Somerville is a wonderful lake and fishes well - good luck!


Sent from my iPhone using Tapatalk


----------



## whsalum (Mar 4, 2013)

I've seen Jason Mochala posting some great action over there for white bass the few weeks. Jeff Freidrich has also fished it some recently. Jeff can probably give you the launch information you're looking for. He's at Fishing Addiction Guide Service.


----------



## Mike S. 11 (Nov 10, 2009)

Thanks for the info guys. Hoggwilde I sent you a PM if you don't mind. Billy thank you as well. I'll get in touch with them and check on the launch situation.

Mike


----------



## Gofish2day (May 9, 2006)

PM sent.
That will help you.


----------



## denimdeerslayer (Feb 23, 2012)

I normally lauch from Welch park. Normally a lot fewer idiots launching there. Also its best for south wind loading and has slide in walkway between ramp for loading older folks/kids. 

When you leave ramp at welch go straight out at least 100 yards. There are rock formations coming out that dont really show on maps. Stay out until around the point. 

There is really two main spots folks fish for whites/hybrids. Sandbar just south of welch and west of rocky creek. There are some rocks that do stick out by rocky creek but they normally have markers there. Sometimes its good by dam too. 

You can go to p&w for coords of some crappie trees. 

When are you planning on going? Morning bite is best now that its so hot.


----------



## SKs Crappie Fishing (Mar 24, 2008)

Y'all are really tempting me to do Somerville.... It's been on my list several years but it's really hard to drive by crappie to go catch crappie....
I've heard of that growing rock but haven't marked it on my gps..... With it being a big danger do one of you mind putting the cords up for it?


----------



## That Robbie Guy (Aug 11, 2009)

Maaan. I bet you could catch crappie in the ditch on the side of the road!



silentkilla said:


> Y'all are really tempting me to do Somerville.... It's been on my list several years but it's really hard to drive by crappie to go catch crappie....


----------



## Mike S. 11 (Nov 10, 2009)

Thanks for the info GoFish. Tons of help bud.
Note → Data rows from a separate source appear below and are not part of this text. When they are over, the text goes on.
(* Let $\sigma$ be the sign function on $\mathbb{R}$ (with $\sigma(0)=0$). For $\varepsilon>0$ and $\Phi\in\mathscr{C}_c^\infty(\mathbb{R}^2)$ define $$Kir_\varepsilon\Phi(x)=\big(\varepsilon\sigma(x)\mathcal{X}_{\{|x|\le\varepsilon\}}(x)+x\mathcal{X}_{\{|x|>\varepsilon\}}(x)\big)\int_{\{y:|x-y|>\varepsilon\}}\Phi(x,y)\frac{dy}{x-y},$$ which is the Kirchhoff divergence of $\Phi$ with respect to the distribution $T_\varepsilon$ induced by the function $h^\varepsilon(x)=\frac1x\mathcal{X}_{\{|x|>\varepsilon\}}(x)+\frac{\sigma(x)}{\varepsilon}\mathcal{X}_{[-\varepsilon,\varepsilon]}(x)$ and $\langle\!\langle S_\varepsilon,\Theta\rangle\!\rangle=\iint_{\{|x-y|>\varepsilon\}}\frac{\Theta(x,y)}{x-y}\,dx\,dy$. Then: (i) $Kir_\varepsilon\Phi(x)\to xH_y\Phi(x,x)$ as $\varepsilon\to0$, for every $x\in\mathbb{R}$; (ii) for $T=\mathrm{p.v.}\frac1x$ and $\langle\!\langle S,\Theta\rangle\!\rangle=\int_{\mathbb{R}}H_y\Theta(x,x)\,dx$, $\Theta\in\mathscr{C}_c^\infty(\mathbb{R}^2)$, the function $\psi(x)=xH_y\Phi(x,x)$ is the Kirchhoff divergence: $\langle T,\varphi\psi\rangle=\langle\!\langle S,\varphi\Phi\rangle\!\rangle$ for every $\varphi\in\mathscr{C}_c^\infty(\mathbb{R})$.
   Context: $\langle\mathrm{p.v.}\frac1x,\varphi\rangle=\lim_{\varepsilon\to0}\int_{|x|>\varepsilon}\frac{\varphi(x)}{x}dx$. For a function $\Theta(x,y)$, $H_y\Theta(x,z)=\lim_{\varepsilon\to0}\int_{|z-y|>\varepsilon}\frac{\Theta(x,y)}{z-y}dy$ is the Hilbert transform of $y\mapsto\Theta(x,y)$ evaluated at $z$. $(\varphi\Phi)(x,y)=\varphi(x)\Phi(x,y)$. *)

From HB Require Import structures.
From mathcomp Require Import all_boot all_order all_algebra.
From mathcomp Require Import all_classical all_reals all_analysis.
Set Implicit Arguments. Unset Strict Implicit. Unset Printing Implicit Defensive.
Import Order.TTheory GRing.Theory Num.Theory.
Import numFieldNormedType.Exports.
Local Open Scope classical_set_scope.
Local Open Scope ring_scope.

Section Defs.
Variable R : realType.
Local Notation mu := (@lebesgue_measure R).

(* iterated partial derivatives of a function of two real variables;
   true = derivative in the first variable, false = in the second *)
Fixpoint pderiv (l : seq bool) (f : R -> R -> R) : R -> R -> R :=
  match l with
  | [::] => f
  | b :: l' => let g := pderiv l' f in
     if b then (fun x y => derive1 (fun t => g t y) x)
     else (fun x y => derive1 (fun t => g x t) y)
  end.

Definition smooth2 (f : R -> R -> R) : Prop :=
  forall l : seq bool,
    (forall x y, derivable (fun t => pderiv l f t y) x 1 /\
                 derivable (fun t => pderiv l f x t) y 1) /\
    continuous (fun p : R * R => pderiv l f p.1 p.2).

Definition test2 (f : R -> R -> R) : Prop :=
  smooth2 f /\ exists M : R, forall x y, M < `|x| \/ M < `|y| -> f x y = 0.

(* C^infty(R): all derivatives exist (hence are continuous) *)
Definition smooth1 (f : R -> R) : Prop :=
  forall (n : nat) (x : R), derivable (derive1n n f) x 1.

Definition test1 (f : R -> R) : Prop :=
  smooth1 f /\ exists M : R, forall x, M < `|x| -> f x = 0.

Definition pv_inv (phi : R -> R) : R :=
  lim ((fun e => \int[mu]_(x in [set x | e < `|x|]) (phi x / x)) @ 0^'+).

Definition hilbert_y (Th : R -> R -> R) (x z : R) : R :=
  lim ((fun e => \int[mu]_(y in [set y | e < `|z - y|]) (Th x y / (z - y)))
         @ 0^'+).

Definition S_pairing (Th : R -> R -> R) : R :=
  \int[mu]_(x in [set: R]) hilbert_y Th x x.

Definition Kir (e : R) (Phi : R -> R -> R) (x : R) : R :=
  (if `|x| <= e then e * Num.sg x else x) *
  \int[mu]_(y in [set y | e < `|x - y|]) (Phi x y / (x - y)).

End Defs.

From HB Require Import structures.
From mathcomp Require Import all_boot all_order all_algebra.
From mathcomp Require Import all_classical all_reals all_analysis.
From mathcomp Require Import ring lra measurable_realfun.
Set Implicit Arguments. Unset Strict Implicit. Unset Printing Implicit Defensive.
Import Order.TTheory GRing.Theory Num.Theory.
Import numFieldNormedType.Exports.
Local Open Scope classical_set_scope.
Local Open Scope ring_scope.

(* Off the diagonal, Phi(x,y)/(x-y) = dquot x y + Phi(x,x)/(x-y), where the
   difference quotient dquot extends continuously to the diagonal (mean value
   theorem), hence is bounded on compacts.  Cutting [x-e, x+e] out of the
   integral of a bounded function changes it by O(e), and the explicit kernel
   Phi(x,x)/(x-y) integrates over [-N,N] minus [x-e, x+e] to a logarithm that
   does not depend on e.  So the truncated Hilbert transform converges, to a
   function of x that is continuous near the support of Phi and vanishes
   outside it; Kir_e Phi(x) is x times the truncated transform once e < |x|.
   For (ii), <p.v. 1/x, x F> = int F for bounded integrable F by the same O(e)
   bound, and phi(x) factors out of the y-integral defining H_y(phi Phi). *)

Section RealAnalysis.
Variable R : realType.
Local Notation mu := (@lebesgue_measure R).

Lemma continuous_bounded_square (f : R * R -> R) (c : R) : continuous f ->
  exists2 K, 0 <= K & forall x y, `|x| <= c -> `|y| <= c -> `|f (x, y)| <= K.
Proof.
move=> cf.
have cK : compact (`[-c, c] `*` `[-c, c]) by apply: compact_setX; exact: segment_compact.
have [N [_ HN]] := compact_bounded (continuous_compact (continuous_subspaceT cf) cK).
exists (`|N| + 1); first by rewrite addr_ge0.
move=> x y xc yc; apply: (HN (`|N| + 1)); first by rewrite (le_lt_trans (ler_norm N)) ?ltrDl.
by exists (x, y) => //; split => /=; rewrite in_itv /= -ler_norml.
Qed.

Lemma continuous_bounded_segment (f : R -> R) (c : R) :
  (forall x, `|x| <= c -> {for x, continuous f}) ->
  exists2 K, 0 <= K & forall x, `|x| <= c -> `|f x| <= K.
Proof.
move=> cf.
have cfc : {in `[-c, c]%classic, continuous f}.
  by move=> x; rewrite inE /= in_itv /= -ler_norml; exact: cf.
have [N [_ HN]] := compact_bounded
  (continuous_compact (continuous_in_subspaceT cfc) (@segment_compact _ (-c) c)).
exists (`|N| + 1) => [|x xc]; first by rewrite addr_ge0.
apply: (HN (`|N| + 1)); first by rewrite (le_lt_trans (ler_norm N)) ?ltrDl.
by exists x => //; rewrite /= in_itv /= -ler_norml.
Qed.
Deerslayer I was thinking about Welch since its closer to where I was looking at fishing, and it looks like you can get to anywhere on the lake pretty quick. I plan on being there early saturday to try to beat the temps for as long as I can.

If Silentkilla shows up I'm just gonna follow him as close as I can and try to grab a few of the fish that are jumping into his boat as he drives by. They already know the result is inevitable.


----------



## bigdav160 (Aug 25, 2004)

In for any knowledge. I have a place where Big Creek enters the lake. I've only kayaked fished but I haven't got a bite yet. 
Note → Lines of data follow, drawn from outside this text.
(* Let $k\in\{2,\dots,N\}$ and suppose $J_k\le k-1$. Then for every $j$ with $J_k\le j\le k-1$, $$j\cdot h^+_{j+1,k}\ \ge\ \sum_{j'=1}^{j}h^+_{j',k}.$$
   Context: Fix $N\in\mathbb{N}$. A function $f:[0,1]\to\mathbb{R}$ is inverse S-shaped if it is strictly increasing, continuously differentiable, and there is $x_0\in[0,1]$ such that $f'$ is strictly decreasing on $[0,x_0]$ and strictly increasing on $[x_0,1]$. Let $W^+:[0,1]\to[0,1]$ be inverse S-shaped with $W^+(0)=0$, $W^+(1)=1$. For $k\in\{1,\dots,N\}$ and $j\in\{1,\dots,k\}$ let $h^+_{j,k}:=W^+\!\left(\frac{k-j+1}{N}\right)-W^+\!\left(\frac{k-j}{N}\right)$, and let $J_k:=\min\{j\in\{1,\dots,k\}: j\,h^+_{j+1,k}\ge\sum_{j'=1}^{j}h^+_{j',k}\}$ with $h^+_{k+1,k}:=\infty$. *)

From Stdlib Require Import Reals Lra.
Open Scope R_scope.

Definition has_deriv_on01 (f df : R -> R) : Prop :=
  forall x, 0 <= x <= 1 ->
    limit1_in (fun y => (f y - f x) / (y - x))
              (fun y => 0 <= y <= 1 /\ y <> x) (df x) x.

Definition continuous_on01 (g : R -> R) : Prop :=
  forall x, 0 <= x <= 1 -> limit1_in g (fun y => 0 <= y <= 1) (g x) x.

Definition inverse_S_shaped (f : R -> R) : Prop :=
  (forall x y, 0 <= x -> x < y -> y <= 1 -> f x < f y) /\
  exists df : R -> R,
    has_deriv_on01 f df /\ continuous_on01 df /\
    exists x0, 0 <= x0 <= 1 /\
      (forall x y, 0 <= x -> x < y -> y <= x0 -> df y < df x) /\
      (forall x y, x0 <= x -> x < y -> y <= 1 -> df x < df y).

Definition hplus (W : R -> R) (N k j : nat) : R :=
  W ((INR k - INR j + 1) / INR N) - W ((INR k - INR j) / INR N).

Fixpoint sum1 (f : nat -> R) (j : nat) : R :=
  match j with
  | O => 0
  | S j' => sum1 f j' + f (S j')
  end.

(* The defining condition of J_k at j, with h^+_{k+1,k} := +infinity
   (so the condition holds automatically at j = k). *)
Definition Jcond (W : R -> R) (N k j : nat) : Prop :=
  j = k \/ INR j * hplus W N k (S j) >= sum1 (hplus W N k) j.

Definition is_Jk (W : R -> R) (N k J : nat) : Prop :=
  (1 <= J <= k)%nat /\ Jcond W N k J /\
  (forall j, (1 <= j < J)%nat -> ~ Jcond W N k j).

From Stdlib Require Import Reals Lra Lia.
Open Scope R_scope.

(* By the mean value theorem, the increments of an inverse S-shaped W over
   three consecutive intervals of equal width have the middle one strictly
   smaller than one of its neighbours, because W' first decreases and then
   increases.  Hence the sequence h_j = h^+_{j,k} has no weak interior maximum:
   once h_{j+2} < h_{j+1}, it strictly decreases on the whole range 1..j+2.
   If j h_{j+1} >= h_1 + ... + h_j but the inequality fails at j+1, then
   h_{j+2} < h_{j+1}, so h_1 > ... > h_{j+1} and h_1 + ... + h_j > j h_{j+1},
   a contradiction.  So the inequality propagates from J_k up to k-1. *)

(* Stdlib's MVT needs continuity on a full neighbourhood of the endpoints,
   while the derivative of f is only one-sided at 0 and 1; f o clamp01 agrees
   with f on [0,1] and is continuous on all of R. *)
Definition clamp01 (x : R) : R := Rmax 0 (Rmin 1 x).

Lemma clamp01_in (x : R) : 0 <= clamp01 x <= 1.
Proof. unfold clamp01, Rmax, Rmin; repeat destruct Rle_dec; lra. Qed.

Lemma clamp01_id (x : R) : 0 <= x <= 1 -> clamp01 x = x.
Proof. intros; unfold clamp01, Rmax, Rmin; repeat destruct Rle_dec; lra. Qed.

Lemma clamp01_dist (x c : R) : 0 <= c <= 1 -> Rabs (clamp01 x - c) <= Rabs (x - c).
Proof.
  intros; unfold clamp01, Rmax, Rmin; repeat destruct Rle_dec;
    unfold Rabs; repeat destruct Rcase_abs; lra.
Qed.

Lemma has_deriv_on01_continuous_on01 (f df : R -> R) :
  has_deriv_on01 f df -> continuous_on01 f.
Proof.
  intros Hd x Hx eps Heps.
  destruct (Hd x Hx 1 Rlt_0_1) as [alp [Halp Hquot]].
  set (M := Rabs (df x) + 1).
  assert (HM : 0 < M) by (unfold M; pose proof (Rabs_pos (df x)); lra).
  exists (Rmin alp (eps / M)); split.
  { apply Rmin_pos; [lra | apply Rdiv_lt_0_compat; lra]. }
  intros y [Hy Hyx]; simpl in *; unfold R_dist in *.
  pose proof (Rmin_l alp (eps / M)); pose proof (Rmin_r alp (eps / M)).
  destruct (Req_dec y x) as [-> | Hne].
  { unfold Rminus; rewrite Rplus_opp_r, Rabs_R0; lra. }
  assert (Hq : Rabs ((f y - f x) / (y - x) - df x) < 1)
    by (apply Hquot; split; [split |]; lra).
  assert (Hslope : Rabs ((f y - f x) / (y - x)) <= M).
  { pose proof (Rabs_triang_inv ((f y - f x) / (y - x)) (df x)); unfold M; lra. }
  replace (f y - f x) with ((f y - f x) / (y - x) * (y - x)) by (field; lra).
  rewrite Rabs_mult.
  apply Rle_lt_trans with (M * Rabs (y - x)).
  { apply Rmult_le_compat_r; [apply Rabs_pos | exact Hslope]. }
  replace eps with (M * (eps / M)) by (field; lra).
  apply Rmult_lt_compat_l; lra.
Qed.

Lemma continuous_on01_clamp01 (f : R -> R) (c : R) :
  continuous_on01 f -> 0 <= c <= 1 -> continuity_pt (fun x => f (clamp01 x)) c.
Proof.
  intros Hf Hc eps Heps.
  destruct (Hf c Hc eps Heps) as [alp [Halp Hnear]].
  exists alp; split; [exact Halp |].
  intros x [_ Hx]; simpl in *; unfold R_dist in *.
  rewrite (clamp01_id c Hc).
  apply Hnear; split; [apply clamp01_in |].
  pose proof (clamp01_dist x c Hc); lra.
Qed.

Lemma has_deriv_on01_clamp01 (f df : R -> R) (c : R) :
  has_deriv_on01 f df -> 0 < c < 1 ->
  derivable_pt_lim (fun x => f (clamp01 x)) c (df c).
Proof.
  intros Hd Hc eps Heps.
  destruct (Hd c ltac:(lra) eps Heps) as [alp [Halp Hquot]].
  assert (Hdelta : 0 < Rmin alp (Rmin c (1 - c))) by (repeat apply Rmin_pos; lra).
  exists (mkposreal _ Hdelta); intros h Hh0 Hh; simpl in Hh.
  pose proof (Rmin_l alp (Rmin c (1 - c))); pose proof (Rmin_r alp (Rmin c (1 - c))).
  pose proof (Rmin_l c (1 - c)); pose proof (Rmin_r c (1 - c)).
  pose proof (Rle_abs h); pose proof (Rle_abs (- h)); rewrite Rabs_Ropp in *.
  rewrite (clamp01_id (c + h)), (clamp01_id c) by lra.
  replace h with (c + h - c) at 2 by ring.
  apply Hquot; split; [split; [split |] |]; simpl; unfold R_dist;
    replace (c + h - c) with h by ring; lra.
Qed.

Lemma mvt_on01 (f df : R -> R) (u v : R) :
  has_deriv_on01 f df -> 0 <= u -> u < v -> v <= 1 ->
  exists c, u < c < v /\ f v - f u = df c * (v - u).
Proof.
  intros Hd Hu Huv Hv.
  assert (Hid : forall c, u < c < v -> derivable_pt id c)
    by (intros; apply derivable_pt_id).
  set (Hfc := fun c (P : u < c < v) =>
    exist (fun l => derivable_pt_abs (fun x => f (clamp01 x)) c l) (df c)
          (has_deriv_on01_clamp01 f df c Hd ltac:(lra))).
  destruct (MVT (fun x => f (clamp01 x)) id u v Hfc Hid Huv) as [c [P Hc]].
  - intros c Hc; apply continuous_on01_clamp01;
      [apply (has_deriv_on01_continuous_on01 f df Hd) | lra].
  - intros c Hc; apply derivable_continuous_pt, derivable_pt_id.
  - exists c; split; [exact P |].
    rewrite (derive_pt_eq_0 id c 1 (Hid c P) (derivable_pt_lim_id c)) in Hc.
    unfold derive_pt, Hfc, id in Hc; simpl in Hc.
    rewrite !clamp01_id in Hc by lra; lra.
Qed.

Lemma inverse_S_shaped_increment_no_max (f : R -> R) (x d : R) :
  inverse_S_shaped f -> 0 <= x - d -> 0 < d -> x + 2 * d <= 1 ->
  f (x + d) - f x < f x - f (x - d) \/
  f (x + d) - f x < f (x + 2 * d) - f (x + d).
Proof.
  intros [_ [df [Hd [_ [x0 [_ [Hdec Hinc]]]]]]] Hlo Hdpos Hhi.
  destruct (mvt_on01 f df (x - d) x Hd) as [cl [Hcl El]]; try lra.
  destruct (mvt_on01 f df x (x + d) Hd) as [cm [Hcm Em]]; try lra.
  destruct (mvt_on01 f df (x + d) (x + 2 * d) Hd) as [cr [Hcr Er]]; try lra.
  rewrite El, Em, Er.
  replace (x - (x - d)) with d by ring; replace (x + d - x) with d by ring;
    replace (x + 2 * d - (x + d)) with d by ring.
  destruct (Rle_dec cm x0).
  - left; apply Rmult_lt_compat_r; [lra | apply Hdec; lra].
  - right; apply Rmult_lt_compat_r; [lra | apply Hinc; lra].
Qed.

Lemma sum1_gt_of_decreasing (h : nat -> R) (j : nat) : (1 <= j)%nat ->
  (forall i, (1 <= i <= j)%nat -> h (S i) < h i) ->
  INR j * h (S j) < sum1 h j.
Proof.
  induction j as [| j IH]; intros Hj Hdec; [lia |].
  simpl sum1; rewrite S_INR.
  assert (Hlast : h (S (S j)) < h (S j)) by (apply Hdec; lia).
  destruct j as [| j].
  - simpl; lra.
  - assert (Hprev : INR (S j) * h (S (S j)) < sum1 h (S j))
      by (apply IH; [lia | intros i Hi; apply Hdec; lia]).
    pose proof (pos_INR (S j)); nra.
Qed.

Section JcondPersistence.

Variables (h : nat -> R) (k : nat).

Hypothesis no_weak_local_max : forall i, (1 <= i)%nat -> (i + 2 <= k)%nat ->
  h (S i) < h (S (S i)) \/ h (S i) < h i.

Lemma descent_propagates_back (j : nat) :
  (j + 2 <= k)%nat -> h (S (S j)) < h (S j) ->
  forall i, (1 <= i <= S j)%nat -> h (S i) < h i.
Proof.
  intros Hjk Hdesc i Hi.
  remember (S j - i)%nat as t eqn:Ht.
  revert i Hi Ht; induction t as [| t IH]; intros i Hi Ht.
  - replace i with (S j) by lia; exact Hdesc.
  - assert (Hnext : h (S (S i)) < h (S i)) by (apply IH; lia).
    pose proof (no_weak_local_max i ltac:(lia) ltac:(lia)); lra.
Qed.

Lemma Jcond_step (j : nat) : (1 <= j)%nat -> (j + 2 <= k)%nat ->
  INR j * h (S j) >= sum1 h j -> INR (S j) * h (S (S j)) >= sum1 h (S j).
Proof.
  intros Hj Hjk Hcond; simpl sum1; rewrite S_INR.
  destruct (Rlt_dec (h (S (S j))) (h (S j))) as [Hdesc | Hasc].
  - assert (Hsum : INR j * h (S j) < sum1 h j).
    { apply sum1_gt_of_decreasing; [exact Hj |].
      intros i Hi; apply (descent_propagates_back j); [lia | exact Hdesc | lia]. }
    lra.
  - pose proof (pos_INR j); nra.
Qed.

Lemma Jcond_persists (j0 : nat) : (1 <= j0)%nat -> INR j0 * h (S j0) >= sum1 h j0 ->
  forall j, (j0 <= j <= k - 1)%nat -> INR j * h (S j) >= sum1 h j.
Proof.
  intros Hj0 Hcond j; induction j as [| j IH]; intros Hj; [lia |].
  destruct (Nat.eq_dec j0 (S j)) as [<- | Hne]; [exact Hcond |].
  apply Jcond_step; [lia | lia | apply IH; lia].
Qed.

End JcondPersistence.

Lemma hplus_no_weak_local_max (W : R -> R) (N k : nat) :
  inverse_S_shaped W -> (k <= N)%nat ->
  forall i, (1 <= i)%nat -> (i + 2 <= k)%nat ->
    hplus W N k (S i) < hplus W N k (S (S i)) \/
    hplus W N k (S i) < hplus W N k i.
Proof.
  intros HW HkN i Hi Hik.
  assert (Hi1 : 1 <= INR i) by (apply (le_INR 1); lia).
  assert (Hik' : INR i + 2 <= INR k)
    by (replace 2 with (INR 2) by (simpl; ring); rewrite <- plus_INR; apply le_INR; lia).
  assert (HkN' : INR k <= INR N) by (apply le_INR; exact HkN).
  set (x := (INR k - INR i - 1) / INR N); set (d := / INR N).
  assert (Hleft : hplus W N k (S (S i)) = W x - W (x - d)).
  { unfold hplus, x, d; rewrite !S_INR; f_equal; f_equal; field; lra. }
  assert (Hmid : hplus W N k (S i) = W (x + d) - W x).
  { unfold hplus, x, d; rewrite !S_INR; f_equal; f_equal; field; lra. }
  assert (Hright : hplus W N k i = W (x + 2 * d) - W (x + d)).
  { unfold hplus, x, d; f_equal; f_equal; field; lra. }
  rewrite Hleft, Hmid, Hright.
  apply inverse_S_shaped_increment_no_max; [exact HW | | |];
    unfold x, d; [| apply Rinv_0_lt_compat; lra |];
    apply (Rmult_le_reg_r (INR N)); try lra; field_simplify; lra.
Qed.

Theorem lemma5 (N : nat) (W : R -> R)
  (HW : inverse_S_shaped W) (HWr : forall x, 0 <= x <= 1 -> 0 <= W x <= 1)
  (HW0 : W 0 = 0) (HW1 : W 1 = 1)
  (k : nat) (Hk : (2 <= k <= N)%nat)
  (J : nat) (HJ : is_Jk W N k J) (HJk : (J <= k - 1)%nat) :
  forall j : nat, (J <= j <= k - 1)%nat ->
    INR j * hplus W N k (S j) >= sum1 (hplus W N k) j.
Proof.
  destruct HJ as [[HJ1 _] [[HJeq | HJcond] _]]; [lia |].
  apply Jcond_persists; [| exact HJ1 | exact HJcond].
  apply hplus_no_weak_local_max; [exact HW | lia].
Qed.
I guess I am too used to salt fishing where at least the hard heads are always there.


----------



## Hoggwilde (Apr 22, 2014)

Was out today.. guys be careful around Rocky Creek SP. we got a floater!
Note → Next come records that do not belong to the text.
Lemma left_right_disjoint (i j : nat) : left_play i <> right_play j.
Proof.
  assert (Hleft : forall k, left_play k < left_play (S k)).
  { intros k; pose proof (left_lt_right k); pose proof (right_lt_next_left k); lia. }
  destruct (le_lt_dec i j) as [Hij|Hji].
  - pose proof (increasing_le _ Hleft i j Hij); pose proof (left_lt_right j); lia.
  - pose proof (increasing_le _ Hleft (S j) i Hji); pose proof (right_lt_next_left j); lia.
Qed.

End TwoPlays.

Lemma not_I_wins_omega (F : nset -> Prop) : proper_filter F -> ~ I_wins_omega F (co F).
Proof.
  intros HF [sigma [Hmove Hwin]].
  assert (Hinf : forall h, ~ finite_set (sigma h)) by (intros h; apply (proj2 HF), Hmove).
  assert (Hleft : F (range (left_play sigma)))
    by (apply NNPP, Hwin; intros k; now apply left_play_follows).
  assert (Hright : F (range (right_play sigma)))
    by (apply NNPP, Hwin; intros k; now apply right_play_follows).
  destruct (filter_meet F HF _ _ Hleft Hright) as [m [[i Hi] [j Hj]]].
  apply (left_right_disjoint sigma Hinf i j); congruence.
Qed.

(* [r s X] is II's answer to [X] when II's own moves so far are [s]. *)
Lemma II_wins_omega_of_response (Xc Z : nset -> Prop) (r : list nat -> nset -> nat) :
  (forall s X, Xc X -> X (r s X)) ->
  (forall (X : nat -> nset) (b : nat -> nat), (forall k, Xc (X k)) ->
     (forall k, b k = r (prefix b k) (X k)) -> Z (range b)) ->
  II_wins_omega Xc Z.
Proof.
  intros Hmove Hwin.
  assert (Htau : forall h X, last (replay r (h ++ [X])) 0 = r (replay r h) X)
    by (intros h X; now rewrite replay_snoc, last_last).
  exists (fun h => last (replay r h) 0); split.
  - intros h X HX. rewrite Htau. now apply Hmove.
  - intros X HX. apply (Hwin X); [exact HX|]. intros k.
    rewrite (prefix_replay r X) by (intros j; now rewrite prefix_S, Htau).
    now rewrite prefix_S, Htau.
Qed.

Lemma II_wins_omega_of_not_ultrafilter (F : nset -> Prop) :
  proper_filter F -> ~ ultrafilter F -> II_wins_omega F (co F).
Proof.
  intros HF Hnu.
  destruct (not_all_ex_not _ _ (fun H => Hnu (conj HF H))) as [A HA].
  apply not_or_and in HA as [HnA HnAc].
  assert (Hmeet : forall X, F X -> exists n, X n /\ A n).
  { intros X HX. apply NNPP; intros Hno. apply HnAc, (filter_superset F HF X _ HX).
    intros n Xn An; eauto. }
  apply (II_wins_omega_of_response _ _
           (fun _ X => epsilon (inhabits 0) (fun n => X n /\ A n))).
  - intros _ X HX. apply (epsilon_spec _ _ (Hmeet X HX)).
  - intros X b HX Hb Hrange. apply HnA, (filter_superset F HF _ _ Hrange).
    intros m [k <-]. rewrite Hb. apply (epsilon_spec _ _ (Hmeet _ (HX k))).
Qed.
Whitebass won the participation award for the day. Only a few hybrids showed themselves. Every cast from 6-8pm









Sent from my iPhone using Tapatalk


----------



## Hoggwilde (Apr 22, 2014)

silentkilla said:


> Y'all are really tempting me to do Somerville.... It's been on my list several years but it's really hard to drive by crappie to go catch crappie....
> 
> I've heard of that growing rock but haven't marked it on my gps..... With it being a big danger do one of you mind putting the cords up for it?












Sent from my iPhone using Tapatalk


----------



## Hoggwilde (Apr 22, 2014)

The rocks at welch that denimdeerslayer is mention is here









Sent from my iPhone using Tapatalk


----------



## Mike S. 11 (Nov 10, 2009)

That's a headache waiting to happen if someone isn't paying attention. That's a good looking screen of fish there. Hopefully I can find a pile or two Saturday when we get out there.

Mike


----------



## Daniel_Melcher (Jun 16, 2016)

Went yesterday and the crappie had lock jaw. Only managed 3. I think it's due to that they are releasing water still. Saturday a week ago when me and my wife went they had the gates closed and working on them. That day we caught a one man limit. 

Sent from my SM-G960U using Tapatalk


----------



## Mike S. 11 (Nov 10, 2009)

Thanks for the report Daniel. Gonna go try some white & hybrids in the morning and will probably go give the crappie a shot at least for a little while before we get off the water.


----------



## SKs Crappie Fishing (Mar 24, 2008)

Hoggwilde said:


> Sent from my iPhone using Tapatalk


Thanks a bunch....


----------



## SKs Crappie Fishing (Mar 24, 2008)

That Robbie Guy said:


> Maaan. I bet you could catch crappie in the ditch on the side of the road!


L....O.....L


----------



## SKs Crappie Fishing (Mar 24, 2008)

Mike S. 11 said:


> If Silentkilla shows up I'm just gonna follow him as close as I can and try to grab a few of the fish that are jumping into his boat as he drives by. They already know the result is inevitable.


L......O......L


----------